What to do: How many lines in the material below include the string "move"? Answer with the number only.

Provided data:
Lemma twist_kernel n x : n \in frame_plane -> n != 0 -> twist n x = 0 ->
  x = (dot n x / dot n n) *: n.
Proof.
(* With [p = frame_proj x], [N = |n|^2] and [t = <x, n>], the kernel equation reads
   [N (p - x/3) = (2t/3) n]; projecting it gives [N (p - p/3) = (2t/3) n],
   so [p = x] and [x = (t/N) n]. *)
move=> Pn n_neq0 /cross_eq0_colinear; set p := frame_proj x => E1.
have nn_neq0 : dot n n != 0 by rewrite dot_eq0.
have E2 := congr1 frame_proj E1.
rewrite [LHS]linearZ [RHS]linearZ /= [frame_proj (_ - _)]linearB /= in E2.
rewrite [frame_proj (_ *: x)]linearZ /= frame_proj_idem (frame_proj_id Pn) in E2.
rewrite linearBr linearZr /= (dotC p) dot_frame_proj // (dotC x) in E1 E2.
apply/eqP; rewrite -subr_eq0; apply/eqP.
have -> : x - (dot n x / dot n n) *: n =
    (3 / dot n n) *: (dot n n *: (p - 3^-1 *: p) - dot n n *: (p - 3^-1 *: x))
    + (3 / (2 * dot n n)) *: (dot n n *: (p - 3^-1 *: p) - (dot x n - 3^-1 * dot x n) *: n).
  by clearbody p; rewrite (dotC x); row7_lin; field.
by rewrite E1 E2 !subrr !scaler0 addr0.
Qed.

Let cross_ca : cross c a = dot a a *: b.
Proof. by rewrite crossC cross_cross ab_orth scale0r sub0r opprK. Qed.
Let cross_cb : cross c b = - (dot b b *: a).
Proof. by rewrite crossC cross_cross_r ab_orth scale0r subr0. Qed.
Let cross_bc : cross b c = dot b b *: a.
Proof. by rewrite cross_cross_r ab_orth scale0r subr0. Qed.
Let cross_ac : cross a c = - (dot a a *: b).
Proof. by rewrite cross_cross ab_orth scale0r sub0r. Qed.

Lemma mul_wedge_frame x :
  [/\ x *m wedge a b = cross c (frame_proj x),
      x *m wedge b c = cross (cross b c) (frame_proj x) &
      x *m wedge c a = cross (cross c a) (frame_proj x)].
Proof.
rewrite cross_bc cross_ca !mul_wedge /frame_proj !linearDr !linearZr /= !linearZl /=.
rewrite cross_ca cross_cb cross_bc cross_ac [cross b a]crossC !crossuu dot_frame_cross //.
by split; row7_lin; field; rewrite bb_neq0 aa_neq0.
Qed.

Lemma compl7_wedge_twist u v : (forall x, x *m wedge u v = cross (cross u v) (frame_proj x)) ->
  forall x, x *m compl7 (wedge u v) = twist (cross u v) x.
Proof.
by move=> uv x; rewrite mul_compl7 uv proj7_wedge /twist linearBr linearZr /= linearZl.
Qed.

Definition frame_Theta : {vspace 'M[R]_7} := <<[:: wedge b c; wedge c a; wedge a b;
  contract a; contract b; contract c]>>%VS.

Lemma frame_Theta_twist : {in frame_Theta, forall M,
  exists2 n, n \in frame_plane & forall x, x *m compl7 M = twist n x}.
Proof.
have frame_mem f : f \in [:: a; b; c] -> f \in frame_plane by move=> Ff; rewrite memv_span.
have twist0 u : exists2 n, n \in frame_plane & forall x, x *m compl7 (contract u) = twist n x.
  by exists 0 => [|x]; rewrite ?mem0v // compl7_contract mulmx0 /twist linear0l.
apply: span_ind => [|k M N [n Pn Mn] [m Pm Nm] | f].
- by exists 0 => [|x]; rewrite ?mem0v // linear0 mulmx0 /twist linear0l.
- exists (k *: n + m) => [|x]; first by rewrite rpredD ?rpredZ.
  by rewrite linearP mulmxDr -scalemxAr Mn Nm /twist linearPl.
rewrite !inE => /or4P[| | | /or3P[] ] /eqP->; try exact: twist0.
- exists (cross b c); first by rewrite cross_bc rpredZ ?frame_mem // !inE eqxx.
  by apply: compl7_wedge_twist => x; case: (mul_wedge_frame x).
- exists (cross c a); first by rewrite cross_ca rpredZ ?frame_mem // !inE eqxx ?orbT.
  by apply: compl7_wedge_twist => x; case: (mul_wedge_frame x).
- exists c; first by rewrite frame_mem // !inE eqxx ?orbT.
  by apply: compl7_wedge_twist => x; case: (mul_wedge_frame x).
Qed.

Finished task: 3